Nenad Trbović (Ненад Трбовић; born 1967) is a politician in Serbia. He served in the Assembly of Vojvodina from 2016 to 2020 and is now a member of the Kula municipal assembly. Formerly with the Serbian Renewal Movement (Srpski pokret obnove, SPO), Trbović is now a member of the Movement for the Restoration of the Kingdom of Serbia (Pokret obnove Kraljevine Srbije, POKS).

==Private career==
Trbović is a mechanical technician. He lives in Crvenka in the Kula municipality.

==Politician==
The SPO contested the 2012 Vojvodina provincial election in an alliance with the Liberal Democratic Party (Liberalno demokratska partija, LDP) and other parties, known as Preokret (English: U-Turn). Trbović received the fifty-first position on the alliance's electoral list, which failed to cross the threshold to win any mandates in the assembly. He also appeared on the alliance's list for the Kula municipal assembly in the concurrent 2012 Serbian local elections and was elected when the list won two mandates.

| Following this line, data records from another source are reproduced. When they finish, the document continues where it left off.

(* Let $N$ be a consistent observation machine from $Y$ to $Z$ and let $k=d(N)$. Let $X=Y\times\{0,\dots,k-1\}$, $\hat Y=Y\cup\{\bot\}$, $\hat Z=Z\cup\{\bot\}$, where $\bot$ is a fresh symbol. Then there exist Mealy machines $H$ from $X$ to $\hat Y$ and $M$ from $X$ to $\hat Z$ such that (1) $|S_H|=|S_M|=|S_N|+1$; (2) there exists a Mealy machine $T$ from $\hat Y$ to $\hat Z$ with $T\circ H\equiv M$; and (3) every Mealy machine $T$ from $\hat Y$ to $\hat Z$ with $T\circ H\equiv M$ satisfies $\lambda_T(\overline{y})=\lambda_N(\overline{y})$ for all $\overline{y}\in\Omega_N$.
   Context: An observation machine from $Y$ to $Z$ is a tuple $(Y,Z,S,D,\Delta,\lambda,r)$ with $S$ finite, $D\subseteq S\times Y$, $\Delta:D\to 2^S\setminus\{\emptyset\}$, $\lambda:D\to Z$, $r\in S$. A run on $y_0\dots y_n$ from $s_0$ is $s_0,y_0,z_0,s_1,\dots,s_{n+1}$ with $(s_i,y_i)\in D$, $s_{i+1}\in\Delta(s_i,y_i)$, $z_i=\lambda(s_i,y_i)$; $\Omega_N$ is the set of words having a run from $r$; $N$ is consistent if all runs from $r$ on each $\overline{y}\in\Omega_N$ have the same output word $\lambda_N(\overline{y})$. The degree is $d(N)=\max_{(s,y)\in D}|\Delta(s,y)|$. A Mealy machine from $X$ to $Y$ is $(X,Y,S,\delta,\lambda,r)$ with total $\delta:S\times X\to S$, $\lambda:S\times X\to Y$; $\lambda(\overline{x})$ is the output word from $r$. $T\circ H$ is the cascade: states $S_H\times S_T$, initial $(r_H,r_T)$, and with $y=\lambda_H(s_H,x)$, $\delta((s_H,s_T),x)=(\delta_H(s_H,x),\delta_T(s_T,y))$, $\lambda((s_H,s_T),x)=\lambda_T(s_T,y)$; $\equiv$ means same output word on every input word. *)

From mathcomp Require Import all_boot.
Set Implicit Arguments. Unset Strict Implicit. Unset Printing Implicit Defensive.

(* Observation machine from Y to Z. The partial maps Delta, lam are total
   functions whose values outside the domain D are irrelevant. *)
Record obsMachine (Y Z : finType) := ObsMachine {
  oS : finType;
  oD : oS -> Y -> bool;
  oDelta : oS -> Y -> {set oS};
  olam : oS -> Y -> Z;
  or : oS;
  oDelta_ne : forall s y, oD s y -> oDelta s y != set0 }.

Section Obs.
Variables (Y Z : finType) (N : obsMachine Y Z).

(* isRun s ys ss : s, ys_0, _, ss_0, ys_1, _, ss_1, ... is a run on ys from s;
   ss lists the states s_1 ... s_{n+1}. *)
Fixpoint isRun (s : oS N) (ys : seq Y) (ss : seq (oS N)) : Prop :=
  match ys, ss with
  | [::], [::] => True
  | y :: ys', s' :: ss' => @oD _ _ N s y /\ s' \in @oDelta _ _ N s y /\ isRun s' ys' ss'
  | _, _ => False
  end.

Fixpoint runOut (s : oS N) (ys : seq Y) (ss : seq (oS N)) : seq Z :=
  match ys, ss with
  | y :: ys', s' :: ss' => @olam _ _ N s y :: runOut s' ys' ss'
  | _, _ => [::]
  end.

Definition inOmega (ys : seq Y) : Prop := exists ss, isRun (@or _ _ N) ys ss.

Definition consistent : Prop :=
  forall ys ss1 ss2, isRun (@or _ _ N) ys ss1 -> isRun (@or _ _ N) ys ss2 ->
    runOut (@or _ _ N) ys ss1 = runOut (@or _ _ N) ys ss2.

Definition degree : nat :=
  \max_(p : oS N * Y | @oD _ _ N p.1 p.2) #|@oDelta _ _ N p.1 p.2|.
End Obs.

Record mealy (X Y : finType) := Mealy {
  mS : finType;
  mdelta : mS -> X -> mS;
  mlam : mS -> X -> Y;
  mr : mS }.

Fixpoint moutFrom (X Y : finType) (M : mealy X Y) (s : mS M) (xs : seq X) : seq Y :=
  match xs with
  | [::] => [::]
  | x :: xs' => @mlam _ _ M s x :: moutFrom (@mdelta _ _ M s x) xs'
  end.

Definition mout (X Y : finType) (M : mealy X Y) (xs : seq X) : seq Y :=
  moutFrom (@mr _ _ M) xs.

Definition cascade (X Y W : finType) (T : mealy Y W) (H : mealy X Y) : mealy X W :=
  @Mealy X W (prod (mS H) (mS T))
    (fun st x => (mdelta st.1 x, mdelta st.2 (mlam st.1 x)))
    (fun st x => mlam st.2 (mlam st.1 x))
    (mr H, mr T).

Definition mequiv (X Y : finType) (M1 M2 : mealy X Y) : Prop :=
  forall xs, mout M1 xs = mout M2 xs.

From mathcomp Require Import all_boot.
Set Implicit Arguments. Unset Strict Implicit. Unset Printing Implicit Defensive.

(* H and M both simulate N deterministically: the letter (y, i) resolves the
   nondeterminism of N by taking the i-th successor of Delta(s, y), and an
   undefined step sends them to the sink state bot.  H echoes y, M outputs
   lambda(s, y).  The subset construction T on Y + bot, which tracks all states
   of N reachable on the observed word, satisfies T o H = M, because by
   consistency every enabled state of that set has the same output.
   Conversely, every run of N is driven by some input word of H and M, so any
   T with T o H = M must reproduce the output of that run. *)

Lemma moutFrom_cascade (X Y W : finType) (T : mealy Y W) (H : mealy X Y) h t xs :
  moutFrom (M := cascade T H) (h, t) xs = moutFrom t (moutFrom h xs).
Proof. by elim: xs h t => //= x xs IH h t; rewrite IH. Qed.

Section Runs.
Variables (Y Z : finType) (N : obsMachine Y Z).
Implicit Types (s t : oS N) (y : Y) (ys : seq Y) (ss : seq (oS N)).

Lemma size_isRun s ys ss : isRun s ys ss -> size ys = size ss.
Proof. by elim: ys s ss => [|y ys IH] s [|s' ss] //= [_ [_ /IH ->]]. Qed.

Lemma isRun_rcons s ys ss y t :
  isRun s ys ss -> oD (last s ss) y -> t \in oDelta (last s ss) y ->
  isRun s (rcons ys y) (rcons ss t).
Proof.
elim: ys s ss => [|y0 ys IH] s [|s0 ss] //= [D0 [in0 run]] D tD.
by split; last split; last apply: IH.
Qed.

Lemma runOut_rcons s ys ss y t : size ys = size ss ->
  runOut s (rcons ys y) (rcons ss t) = rcons (runOut s ys ss) (olam (last s ss) y).
Proof. by elim: ys s ss => [|y0 ys IH] s [|s0 ss] //= [/IH ->]. Qed.

Definition reachable ys t := exists ss, isRun (or N) ys ss /\ last (or N) ss = t.

Lemma reachable_rcons ys y s t :
  reachable ys s -> oD s y -> t \in oDelta s y -> reachable (rcons ys y) t.
Proof.
move=> [ss [run <-]] D tD; exists (rcons ss t).
by rewrite last_rcons; split => //; apply: isRun_rcons.
Qed.

Lemma consistent_olam ys y s1 s2 : consistent N ->
  reachable ys s1 -> reachable ys s2 -> oD s1 y -> oD s2 y ->
  olam s1 y = olam s2 y.
Proof.
move=> cons [ss1 [run1 last1]] [ss2 [run2 last2]] D1 D2.
have /set0Pn [t1 t1D] := oDelta_ne D1.
have /set0Pn [t2 t2D] := oDelta_ne D2.
have run1' : isRun (or N) (rcons ys y) (rcons ss1 t1).
  by apply: isRun_rcons => //; rewrite last1.
have run2' : isRun (or N) (rcons ys y) (rcons ss2 t2).
  by apply: isRun_rcons => //; rewrite last2.
have := cons _ _ _ run1' run2'.
rewrite (runOut_rcons _ _ _ (size_isRun run1)) (runOut_rcons _ _ _ (size_isRun run2)).
rewrite last1 last2.
by move/rcons_inj => [].
Qed.

End Runs.

Section Construction.
Variables (Y Z : finType) (N : obsMachine Y Z).
Local Notation X := (prod Y 'I_(degree N)).
Implicit Types (s t : oS N) (x : X).

Definition guided_step s x : option (oS N) :=
  if oD s x.1 && (val x.2 < #|oDelta s x.1|)
  then Some (nth s (enum (oDelta s x.1)) x.2) else None.

Definition guided (W : finType) (out : oS N -> Y -> W) : mealy X (option W) :=
  @Mealy X (option W) (option (oS N))
    (fun o x => if o is Some s then guided_step s x else None)
    (fun o x => if o is Some s then
                  (if guided_step s x then Some (out s x.1) else None)
                else None)
    (Some (or N)).

Definition echo_machine := guided (fun _ y => y).
Definition output_machine := guided (@olam _ _ N).

Lemma guided_step_some s x t :
  guided_step s x = Some t -> oD s x.1 /\ t \in oDelta s x.1.
Proof.
rewrite /guided_step; case: ifP => // /andP [D lt] [<-].
by split; rewrite // -mem_enum mem_nth // -cardE.
Qed.

Lemma guided_step_succ s y t : oD s y -> t \in oDelta s y ->
  exists i : 'I_(degree N), guided_step s (y, i) = Some t.
Proof.
move=> D tD.
have lt : index t (enum (oDelta s y)) < #|oDelta s y|.
  by rewrite cardE index_mem mem_enum.
have ltk : index t (enum (oDelta s y)) < degree N.
  exact: leq_trans lt (leq_bigmax_cond (s, y) D).
exists (Ordinal ltk).
by rewrite /guided_step /= D lt nth_index ?mem_enum.
Qed.

Lemma guided_isRun s ys ss : isRun s ys ss -> exists xs,
  moutFrom (M := echo_machine) (Some s) xs = map Some ys /\
  moutFrom (M := output_machine) (Some s) xs = map Some (runOut s ys ss).
Proof.
elim: ys s ss => [|y ys IH] s [|t ss] //=; first by exists [::].
move=> [D [tD /IH [xs [echo out]]]].
have [i step] := guided_step_succ D tD.
by exists ((y, i) :: xs); rewrite /= step echo out.
Qed.

Definition enabled (A : {set oS N}) y := [set s in A | oD s y].

Definition subset_machine : mealy (option Y) (option Z) :=
  @Mealy (option Y) (option Z) {set oS N}
    (fun A oy => if oy is Some y then \bigcup_(s in enabled A y) oDelta s y else A)
    (fun A oy => if oy is Some y then
                   (if [pick s in enabled A y] is Some s then Some (olam s y) else None)
                 else None)
    [set or N].

(* The invariant: A is a set of states reachable on one common word w,
   containing the current state of the output machine when it is not the sink. *)
Lemma subset_machine_cascade xs o (A : {set oS N}) w : consistent N ->
  (forall t, t \in A -> reachable w t) ->
  (if o is Some s then s \in A else true) ->
  moutFrom (M := cascade subset_machine echo_machine) (o, A) xs =
  moutFrom (M := output_machine) o xs.
Proof.
move=> cons; elim: xs o A w => [|x xs IH] o A w reachA oA //=.
case: o oA => [s sA|_] /=; last by rewrite (IH None A w).
case step: (guided_step s x) => [t|] /=; last by rewrite (IH None A w).
have [D tD] := guided_step_some step.
have s_en : s \in enabled A x.1 by rewrite inE sA D.
case: pickP => [s' /setIdP [s'A D'] | /(_ s)]; last by rewrite s_en.
rewrite (consistent_olam cons (reachA _ s'A) (reachA _ sA) D' D).
congr (_ :: _); apply: (IH _ _ (rcons w x.1)).
- move=> u /bigcupP [s1 /setIdP [s1A D1] uD].
  exact: reachable_rcons (reachA _ s1A) D1 uD.
- by apply/bigcupP; exists s.
Qed.

End Construction.

Theorem lemma3 (Y Z : finType) (N : obsMachine Y Z) :
  consistent N ->
  exists (H : mealy (prod Y 'I_(degree N)) (option Y))
         (M : mealy (prod Y 'I_(degree N)) (option Z)),
    [/\ #|mS H| = #|oS N|.+1 /\ #|mS M| = #|oS N|.+1,
        (exists T : mealy (option Y) (option Z), mequiv (cascade T H) M) &
        forall T : mealy (option Y) (option Z), mequiv (cascade T H) M ->
          forall (ys : seq Y) (ss : seq (oS N)), isRun (or N) ys ss ->
            mout T (map Some ys) = map Some (runOut (or N) ys ss)].
Proof.
move=> cons; exists (echo_machine N), (output_machine N); split.
- by rewrite /= card_option.
- exists (subset_machine N) => xs.
  apply: (subset_machine_cascade _ _ (w := [::])) => //= [t|]; last exact: set11.
  by rewrite inE => /eqP ->; exists [::].
move=> T TH_M ys ss run.
have [xs [echo out]] := guided_isRun run.
by rewrite -echo -out -[RHS]/(mout _ xs) -TH_M /mout /= moutFrom_cascade.
Qed.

The Preokret alliance dissolved after the elections, SPO subsequently joined the electoral alliance around the Serbian Progressive Party (Srpska napredna stranka, SNS). Trbović was given the fifty-eighth position on the Progressive Party's list in the 2016 provincial election and was elected when the list won a majority victory with sixty-three out of 120 mandates. He was appointed to the assembly committee for co-operation with the national assembly in exercising the competencies of the province. He also received the fifth position on the Progressive Party's list in Kula in the 2016 local elections and was re-elected when the list won a narrow majority with nineteen out of thirty-seven seats.

There was a serious split in the SPO in 2017, and several party dissidents founded the POKS as a new organization. All three SPO delegates in the provincial assembly, including Trbović, joined the new party.

The following year, a period of political upheaval in Kula led to the dissolution of the municipal assembly and the calling of new local elections. The POKS fielded its own list; Trbović appeared in the first position and was re-elected when the list won two mandates.

Trbović did not seek re-election at the provincial level in 2020. He continues to serve in the Kula municipal assembly.